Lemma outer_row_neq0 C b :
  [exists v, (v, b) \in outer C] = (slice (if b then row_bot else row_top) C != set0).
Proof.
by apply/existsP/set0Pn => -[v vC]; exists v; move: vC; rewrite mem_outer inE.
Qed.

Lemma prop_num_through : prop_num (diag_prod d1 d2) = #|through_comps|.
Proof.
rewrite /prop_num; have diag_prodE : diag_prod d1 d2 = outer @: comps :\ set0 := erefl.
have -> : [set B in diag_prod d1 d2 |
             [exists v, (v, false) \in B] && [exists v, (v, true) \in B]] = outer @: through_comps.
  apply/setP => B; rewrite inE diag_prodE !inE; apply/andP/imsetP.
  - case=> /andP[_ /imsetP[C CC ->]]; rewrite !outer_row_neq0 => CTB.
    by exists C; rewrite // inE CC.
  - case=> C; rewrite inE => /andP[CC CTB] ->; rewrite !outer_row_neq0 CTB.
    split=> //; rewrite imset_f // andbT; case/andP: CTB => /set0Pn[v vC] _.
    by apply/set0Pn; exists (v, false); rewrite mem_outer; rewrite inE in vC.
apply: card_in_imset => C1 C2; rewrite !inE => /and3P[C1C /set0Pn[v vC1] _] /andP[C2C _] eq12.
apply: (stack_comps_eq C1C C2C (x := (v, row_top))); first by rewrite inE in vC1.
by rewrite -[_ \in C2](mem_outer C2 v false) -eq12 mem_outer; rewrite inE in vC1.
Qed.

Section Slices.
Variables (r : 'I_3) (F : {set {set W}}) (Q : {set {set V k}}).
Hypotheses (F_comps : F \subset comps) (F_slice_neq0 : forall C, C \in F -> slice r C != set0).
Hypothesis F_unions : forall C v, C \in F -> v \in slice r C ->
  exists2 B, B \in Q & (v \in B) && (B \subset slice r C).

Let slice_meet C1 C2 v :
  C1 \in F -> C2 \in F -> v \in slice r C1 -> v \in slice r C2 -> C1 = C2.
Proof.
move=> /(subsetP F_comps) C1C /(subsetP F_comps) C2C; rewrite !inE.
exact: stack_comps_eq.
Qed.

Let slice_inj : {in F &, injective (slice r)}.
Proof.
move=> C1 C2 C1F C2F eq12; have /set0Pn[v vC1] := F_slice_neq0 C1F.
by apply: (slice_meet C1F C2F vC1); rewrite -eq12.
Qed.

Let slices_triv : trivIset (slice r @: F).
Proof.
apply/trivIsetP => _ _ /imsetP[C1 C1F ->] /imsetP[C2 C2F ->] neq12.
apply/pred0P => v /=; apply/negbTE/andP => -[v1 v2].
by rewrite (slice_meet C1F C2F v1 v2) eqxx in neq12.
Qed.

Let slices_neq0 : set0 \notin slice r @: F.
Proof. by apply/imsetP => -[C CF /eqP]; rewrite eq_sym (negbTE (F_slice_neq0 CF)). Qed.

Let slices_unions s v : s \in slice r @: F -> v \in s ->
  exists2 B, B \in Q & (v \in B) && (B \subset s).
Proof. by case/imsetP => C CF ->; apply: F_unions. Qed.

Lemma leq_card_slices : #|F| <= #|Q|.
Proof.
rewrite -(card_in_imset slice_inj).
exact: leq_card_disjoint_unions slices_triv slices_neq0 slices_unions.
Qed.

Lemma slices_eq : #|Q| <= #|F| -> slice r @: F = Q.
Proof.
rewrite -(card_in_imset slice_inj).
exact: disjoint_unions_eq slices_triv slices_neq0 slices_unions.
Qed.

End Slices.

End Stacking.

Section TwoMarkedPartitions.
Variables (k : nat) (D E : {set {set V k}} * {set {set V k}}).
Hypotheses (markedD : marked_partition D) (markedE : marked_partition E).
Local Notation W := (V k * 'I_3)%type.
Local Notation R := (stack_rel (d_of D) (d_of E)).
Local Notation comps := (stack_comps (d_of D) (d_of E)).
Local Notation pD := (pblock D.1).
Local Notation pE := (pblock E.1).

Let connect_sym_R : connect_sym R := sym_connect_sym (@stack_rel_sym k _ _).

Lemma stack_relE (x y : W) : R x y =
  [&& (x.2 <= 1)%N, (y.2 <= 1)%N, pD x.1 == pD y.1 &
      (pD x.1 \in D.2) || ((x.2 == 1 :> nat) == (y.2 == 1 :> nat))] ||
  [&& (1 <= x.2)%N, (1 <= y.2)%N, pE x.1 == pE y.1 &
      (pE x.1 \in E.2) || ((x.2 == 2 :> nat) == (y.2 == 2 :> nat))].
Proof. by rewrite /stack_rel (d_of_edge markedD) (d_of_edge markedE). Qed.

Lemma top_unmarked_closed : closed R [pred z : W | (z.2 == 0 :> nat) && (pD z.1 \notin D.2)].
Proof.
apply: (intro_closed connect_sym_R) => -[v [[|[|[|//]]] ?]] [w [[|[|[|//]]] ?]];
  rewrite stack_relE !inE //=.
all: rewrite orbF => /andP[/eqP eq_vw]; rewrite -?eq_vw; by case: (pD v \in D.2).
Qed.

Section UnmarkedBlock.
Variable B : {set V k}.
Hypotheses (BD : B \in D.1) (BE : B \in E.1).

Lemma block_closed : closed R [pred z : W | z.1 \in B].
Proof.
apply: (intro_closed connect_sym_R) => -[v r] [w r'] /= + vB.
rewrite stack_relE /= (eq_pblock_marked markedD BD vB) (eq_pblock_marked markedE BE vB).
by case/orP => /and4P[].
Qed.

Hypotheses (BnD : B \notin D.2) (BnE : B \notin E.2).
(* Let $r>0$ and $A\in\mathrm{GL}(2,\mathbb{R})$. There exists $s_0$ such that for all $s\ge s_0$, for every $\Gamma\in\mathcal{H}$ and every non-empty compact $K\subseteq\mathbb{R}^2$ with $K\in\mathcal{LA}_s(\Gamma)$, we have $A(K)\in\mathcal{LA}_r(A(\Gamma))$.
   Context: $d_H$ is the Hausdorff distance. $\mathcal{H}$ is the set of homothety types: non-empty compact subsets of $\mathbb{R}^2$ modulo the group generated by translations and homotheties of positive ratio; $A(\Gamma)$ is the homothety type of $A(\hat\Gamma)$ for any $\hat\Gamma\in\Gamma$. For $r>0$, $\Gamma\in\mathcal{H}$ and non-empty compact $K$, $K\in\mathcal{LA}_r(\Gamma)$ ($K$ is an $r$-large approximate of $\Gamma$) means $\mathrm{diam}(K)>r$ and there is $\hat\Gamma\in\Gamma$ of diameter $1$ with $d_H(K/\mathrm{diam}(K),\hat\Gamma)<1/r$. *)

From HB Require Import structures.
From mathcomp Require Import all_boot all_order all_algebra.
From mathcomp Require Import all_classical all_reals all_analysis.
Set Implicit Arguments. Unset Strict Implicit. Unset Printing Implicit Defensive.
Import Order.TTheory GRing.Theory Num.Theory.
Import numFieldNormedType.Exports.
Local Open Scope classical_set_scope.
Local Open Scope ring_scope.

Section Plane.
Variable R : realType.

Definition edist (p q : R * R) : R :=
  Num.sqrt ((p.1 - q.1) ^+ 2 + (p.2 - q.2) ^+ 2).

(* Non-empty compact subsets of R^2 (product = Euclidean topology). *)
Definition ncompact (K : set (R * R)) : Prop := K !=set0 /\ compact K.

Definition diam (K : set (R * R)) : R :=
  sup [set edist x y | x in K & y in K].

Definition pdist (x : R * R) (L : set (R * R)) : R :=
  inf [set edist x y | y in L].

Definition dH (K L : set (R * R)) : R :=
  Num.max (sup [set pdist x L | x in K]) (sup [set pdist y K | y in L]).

━━━

What you will do: Across the entries above, how many lines include "empty"? State only that number.

Result of this exercise: 3